[Opening GIVEN ENTRIES section]
(* Cost model: a unit-cost random access machine over the lattice.          *)
(* It has nat registers, element registers, a nat memory and an element     *)
(* memory (all indexed by nat).  Lattice elements are only accessible        *)
(* through the lattice primitives (bottom, join, order test, equality test), *)
(* each costing one step, as every other instruction.                        *)
Inductive instr : Type :=
  | NConst of nat & nat
  | NAdd of nat & nat & nat
  | NSub of nat & nat & nat
  | NLoad of nat & nat
  | NStore of nat & nat
  | EBot of nat
  | EJoin of nat & nat & nat
  | ELe of nat & nat & nat
  | EEq of nat & nat & nat
  | ELoad of nat & nat
  | EStore of nat & nat
  | Jz of nat & nat
  | Jmp of nat
  | Halt.

Definition program := seq instr.

Section Machine.
Context {d : Order.disp_t} {T : bJoinSemilatticeType d}.

Record state := State {
  pc : nat;
  nreg : nat -> nat;
  ereg : nat -> T;
  nmem : nat -> nat;
  emem : nat -> T
}.

Definition upd {A : Type} (f : nat -> A) (i : nat) (v : A) : nat -> A :=
  fun j => if j == i then v else f j.

(* One step; [None] means the machine has halted (Halt, or pc out of range). *)
Definition step (P : program) (st : state) : option state :=
  let: State p nr er nm em := st in
  match nth Halt P p with
  | NConst r k => Some (State p.+1 (upd nr r k) er nm em)
  | NAdd r a b => Some (State p.+1 (upd nr r (nr a + nr b)) er nm em)
  | NSub r a b => Some (State p.+1 (upd nr r (nr a - nr b)) er nm em)
  | NLoad r a => Some (State p.+1 (upd nr r (nm (nr a))) er nm em)
  | NStore a r => Some (State p.+1 nr er (upd nm (nr a) (nr r)) em)
  | EBot e => Some (State p.+1 nr (upd er e (@Order.bottom d T)) nm em)
  | EJoin e a b => Some (State p.+1 nr (upd er e (@Order.join d T (er a) (er b))) nm em)
  | ELe r a b => Some (State p.+1 (upd nr r (nat_of_bool (@Order.le d T (er a) (er b)))) er nm em)
  | EEq r a b => Some (State p.+1 (upd nr r (nat_of_bool (er a == er b))) er nm em)
  | ELoad e a => Some (State p.+1 nr (upd er e (em (nr a))) nm em)
  | EStore a e => Some (State p.+1 nr er nm (upd em (nr a) (er e)))
  | Jz r l => Some (State (if nr r == 0 then l else p.+1) nr er nm em)
  | Jmp l => Some (State l nr er nm em)
  | Halt => None
  end.

Fixpoint halts_in (P : program) (k : nat) (st st' : state) : Prop :=
  match k with
  | 0 => step P st = None /\ st' = st
  | k'.+1 => exists st1, step P st = Some st1 /\ halts_in P k' st1 st'
  end.
Lemma Rintegral_natr A (b : T -> bool) : measurable A -> measurable [set w | b w] ->
  \int[P]_(w in A) (b w)%:R = fine (P (A `&` [set w | b w])).
Proof.
move=> mA mb; rewrite setIC -integral_indic //; congr fine; apply: eq_integral => w _.
by rewrite indicE; case: (boolP (b w)) => [bw | /negP bw]; [rewrite mem_set | rewrite memNset].
Qed.

Lemma Rintegral_natrM A (c : T -> bool) h :
  \int[P]_(w in A) ((c w)%:R * h w) = \int[P]_(w in A `&` [set w | c w]) h w.
Proof.
rewrite Rintegral_mkcondr; apply: eq_Rintegral => w _; rewrite patchE.
by case: (boolP (c w)) => [cw | /negP cw]; [rewrite mem_set ?mul1r | rewrite memNset ?mul0r].
Qed.

End FiniteMeasureIntegrals.

Section ConditionalExpectation.
Context {d} {T : measurableType d} {R : realType} {P : probability T R} {A : set T}.
Hypotheses (mA : measurable A) (PA_gt0 : (0 < P A)%E).
Implicit Types Z : T -> R.

Let PA_fine_gt0 : 0 < fine (P A).
Proof. by rewrite fine_gt0 // PA_gt0 (le_lt_trans (probability_le1 P mA) (ltey _)). Qed.

Lemma eq_condE {Z1 Z2} : {in A, Z1 =1 Z2} -> condE P A Z1 = condE P A Z2.
Proof. by move=> Z12; rewrite /condE (eq_Rintegral _ Z12). Qed.

Lemma condE_cst c : condE P A (fun=> c) = c.
Proof. by rewrite /condE Rintegral_cst // mulfK // gt_eqF. Qed.

Lemma condED Z1 Z2 : P.-integrable A (EFin \o Z1) -> P.-integrable A (EFin \o Z2) ->
  condE P A (fun w => Z1 w + Z2 w) = condE P A Z1 + condE P A Z2.
Proof. by move=> iZ1 iZ2; rewrite /condE RintegralD // mulrDl. Qed.

Lemma condEZl c Z : P.-integrable A (EFin \o Z) ->
  condE P A (fun w => c * Z w) = c * condE P A Z.
Proof. by move=> iZ; rewrite /condE RintegralZl // mulrA. Qed.

Lemma condE_sum I (r : seq I) (Z : I -> T -> R) :
  (forall i, P.-integrable A (EFin \o Z i)) ->
  condE P A (fun w => \sum_(i <- r) Z i w) = \sum_(i <- r) condE P A (Z i).
Proof. by move=> iZ; rewrite /condE Rintegral_sum // mulr_suml. Qed.

Lemma ler_condE {Z1 Z2} : P.-integrable A (EFin \o Z1) -> P.-integrable A (EFin \o Z2) ->
  (forall w, A w -> Z1 w <= Z2 w) -> condE P A Z1 <= condE P A Z2.
Proof.
by move=> iZ1 iZ2 Z12; rewrite /condE ler_pM2r ?invr_gt0 //; exact: le_Rintegral.
Qed.

End ConditionalExpectation.

Section SignedBernoulli.
Context {d} {T : measurableType d} {R : realType} (P : probability T R).
Context (F : set (set T)) {A : set T} {eta : R} {g : T -> R} {b : T -> bool}.
Hypotheses (mA : measurable A) (eta_gt0 : 0 < eta).
Hypotheses (mg : measurable_fun setT g) (mb : measurable_fun setT b).
Hypothesis g_le_eta : forall w, A w -> `|g w| <= eta.
(* P[b | F] = min (|g| / eta) 1, stated on the sets of the family F. *)
Hypothesis b_bernoulli : forall S, F S ->
  P (S `&` [set w | b w]) = (\int[P]_(w in S) (Num.min (`|g w| / eta) 1)%:E)%E.
Hypotheses (F_pos : F (A `&` [set w | 0 < g w])) (F_neg : F (A `&` [set w | g w < 0])).

Let mApos : measurable (A `&` [set w | 0 < g w]).
Proof. by apply: measurableI => //; apply: measurable_bool_set; exact: measurable_fun_ltr. Qed.

Let mAneg : measurable (A `&` [set w | g w < 0]).
Proof. by apply: measurableI => //; apply: measurable_bool_set; exact: measurable_fun_ltr. Qed.

Let Rintegral_bernoulli_sign S : F S -> measurable S -> S `<=` A ->
  \int[P]_(w in S) (b w)%:R = \int[P]_(w in S) `|g w| / eta.
Proof.
move=> FS mS SA; rewrite Rintegral_natr //; last exact: measurable_bool_set.
rewrite b_bernoulli // -RintegralZr //; last first.
  apply: (@bounded_integrable _ _ _ P _ _ eta) => // [|w /SA/g_le_eta]; last by rewrite normr_id.
  by apply: measurableT_comp => //; exact: normr_measurable.
congr fine; apply: eq_integral => w /[!inE] /SA/g_le_eta gw.
by rewrite min_l // ler_pdivrMr // mul1r.
Qed.

Let mpos : measurable_fun setT (fun w => 0 < g w).
Proof. exact: measurable_fun_ltr. Qed.

Let mneg : measurable_fun setT (fun w => g w < 0).
Proof. exact: measurable_fun_ltr. Qed.

Let Rintegral_sgrM {h : T -> R} {M : R} :
  measurable_fun setT h -> (forall w, A w -> `|h w| <= M) ->
  \int[P]_(w in A) (Num.sg (g w) * h w) =
  \int[P]_(w in A `&` [set w | 0 < g w]) h w - \int[P]_(w in A `&` [set w | g w < 0]) h w.
Proof.
move=> mh hM; rewrite -!Rintegral_natrM -RintegralB //; try exact: integrable_natrM mh hM.
by apply: eq_Rintegral => w _; case: sgrP; rewrite ?mul0r ?mul1r ?subr0 ?sub0r ?mulN1r.
Qed.
(* Let $r$ be a non-negative integer. If $r\neq 0$, then $$\sum_{k = 1}^\infty \frac{(-1)^{k(r-1)} \big(\frac{27}{5}\big)^k}{k^2\binom{3k}k F_r^{2k} } = 6\arctan^2 \bigg(\frac{\sqrt 3 }{2\sqrt[3]{\alpha^{2r}} + (-1)^{r}} \bigg) - \frac{1}{2}\log ^2 \bigg( \frac{\sqrt 5\,\alpha ^r F_r }{\big(\sqrt[3]{\alpha^{2r}} - ( - 1)^{r} \big)^3 } \bigg),$$ and if $r\neq 1$, then $$\sum_{k = 1}^\infty \frac{( - 1)^{kr} 27^k }{k^2 \binom{3k}k L_r^{2k} } = 6\arctan ^2 \bigg( \frac{ \sqrt 3 }{2\sqrt[3]{\alpha^{2r}} - ( - 1)^r } \bigg) - \frac{1}{2}\log ^2\bigg( \frac{\alpha ^r L_r }{\big(\sqrt[3]{\alpha^{2r}} + ( - 1)^r \big)^3 } \bigg).$$
   Context: $F_n$ and $L_n$ are the Fibonacci and Lucas numbers: $F_0=0$, $F_1=1$, $L_0=2$, $L_1=1$, and $X_n=X_{n-1}+X_{n-2}$ for both sequences. $\alpha=(1+\sqrt5)/2$ is the golden ratio. $\sqrt[3]{t}$ denotes the real cube root. *)

From Stdlib Require Import Reals.
From Coquelicot Require Import Coquelicot.
Open Scope R_scope.

Fixpoint fib (n : nat) : nat :=
  match n with
  | O => 0%nat
  | S m => match m with
           | O => 1%nat
           | S p => (fib m + fib p)%nat
           end
  end.

Fixpoint lucas (n : nat) : nat :=
  match n with
  | O => 2%nat
  | S m => match m with
           | O => 1%nat
           | S p => (lucas m + lucas p)%nat
           end
  end.

Definition alpha : R := (1 + sqrt 5) / 2.

Definition cbrt (t : R) : R :=
  if Rlt_dec 0 t then Rpower t (1/3)
  else if Rlt_dec t 0 then - Rpower (- t) (1/3) else 0.

(* Let [g y = sum_(k >= 1) y^k / (k^2 C(3k,k))].  The Beta integral
   [(k-1)! (2k)! / (3k)! = int_0^1 t^(k-1) (1-t)^(2k) dt] turns [g'] into a geometric
   series under the integral sign:
     [g' y = int_0^1 (1-t)^2 / (1 - y t (1-t)^2) dt]   for [|y| < 27/4].
   Along [y = 27 u^3 / (1+u^3)^2] the denominator splits into a linear and a quadratic
   factor in [t], so [d/du g(y(u))] is elementary; integrating in [u] from [0] gives
     [g (27 u^3 / (1+u^3)^2) = 6 atan^2 (sqrt 3 u / (2-u)) - 1/2 ln^2 ((1-u+u^2)/(1+u)^2)]
   for [-11/20 < u < 1], and, the coefficients being positive, also at [u = 1], i.e.
   [y = 27/4].  By Binet's formulas, [u = -(-1)^r alpha^(-2r/3)] gives
   [y = (-1)^(r-1) 27 / (5 F_r^2)] and [u = (-1)^r alpha^(-2r/3)] gives
   [y = (-1)^r 27 / L_r^2]. *)

From Stdlib Require Import Reals Factorial Lra Lia Psatz.
From Coquelicot Require Import Coquelicot.
Open Scope R_scope.

Lemma is_RInt_plus_R (f g : R -> R) (a b If Ig : R) :
  is_RInt f a b If -> is_RInt g a b Ig -> is_RInt (fun t => f t + g t) a b (If + Ig).
Proof. apply (is_RInt_plus (V := R_NormedModule)). Qed.

Lemma is_RInt_scal_R (f : R -> R) (a b k If : R) :
  is_RInt f a b If -> is_RInt (fun t => k * f t) a b (k * If).
Proof. apply (is_RInt_scal (V := R_NormedModule)). Qed.

Lemma is_RInt_derive_R (f df : R -> R) (a b : R) :
  (forall x, Rmin a b <= x <= Rmax a b -> is_derive f x (df x)) ->
  (forall x, Rmin a b <= x <= Rmax a b -> continuous df x) ->
  is_RInt df a b (f b - f a).
Proof. apply (is_RInt_derive (V := R_CompleteNormedModule)). Qed.

Lemma is_RInt_ext_R (f g : R -> R) (a b l : R) :
  (forall x, Rmin a b < x < Rmax a b -> f x = g x) -> is_RInt f a b l -> is_RInt g a b l.
Proof. apply (is_RInt_ext (V := R_NormedModule)). Qed.

Lemma is_RInt_eq (f : R -> R) (a b l l' : R) : is_RInt f a b l -> l = l' -> is_RInt f a b l'.
Proof. now intros H <-. Qed.

Lemma ex_derive_continuous_R (f : R -> R) (x : R) : ex_derive f x -> continuous f x.
Proof. apply (ex_derive_continuous (V := R_NormedModule)). Qed.

Lemma is_derive_plus_R (f g : R -> R) (x df dg : R) :
  is_derive f x df -> is_derive g x dg -> is_derive (fun y => f y + g y) x (df + dg).
Proof. apply (is_derive_plus (V := R_NormedModule)). Qed.

Lemma is_derive_minus_R (f g : R -> R) (x df dg : R) :
  is_derive f x df -> is_derive g x dg -> is_derive (fun y => f y - g y) x (df - dg).
Proof. apply (is_derive_minus (V := R_NormedModule)). Qed.

Lemma sum_n_Sn_R (a : nat -> R) (n : nat) : sum_n a (S n) = sum_n a n + a (S n).
Proof. exact (sum_Sn a n). Qed.

Lemma sum_n_O_R (a : nat -> R) : sum_n a 0 = a 0%nat.
Proof. exact (sum_O a). Qed.

Lemma INR_S_neq0 (n : nat) : INR n + 1 <> 0.
Proof. generalize (pos_INR n); lra. Qed.

Lemma INR_fact_neq0 (n : nat) : INR (fact n) <> 0.
Proof. apply not_0_INR, fact_neq_0. Qed.

(* Goals produced through Coquelicot's hierarchy are equalities in a structure
   whose carrier is only convertibly [R], which [ring] and [field] do not see. *)
Ltac R_eq := match goal with |- @eq _ ?x ?y => change (@eq R x y) end.

(* [auto_derive] writes [INR (S n)] unfolded as a match on [n]. *)
Ltac fold_INR_S :=
  repeat match goal with
  | |- context [match ?n with 0%nat => 1 | S _ => INR ?n + 1 end] =>
      change (match n with 0%nat => 1 | S _ => INR n + 1 end) with (INR (S n))
  end; rewrite ?S_INR.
[Closing GIVEN ENTRIES section]
PROBLEM TO SOLVE —
Within the data above, find the lines that contain the word "NLoad" and copy each of them.

ANSWER TO THE PROBLEM —
  | NLoad of nat & nat
  | NLoad r a => Some (State p.+1 (upd nr r (nm (nr a))) er nm em)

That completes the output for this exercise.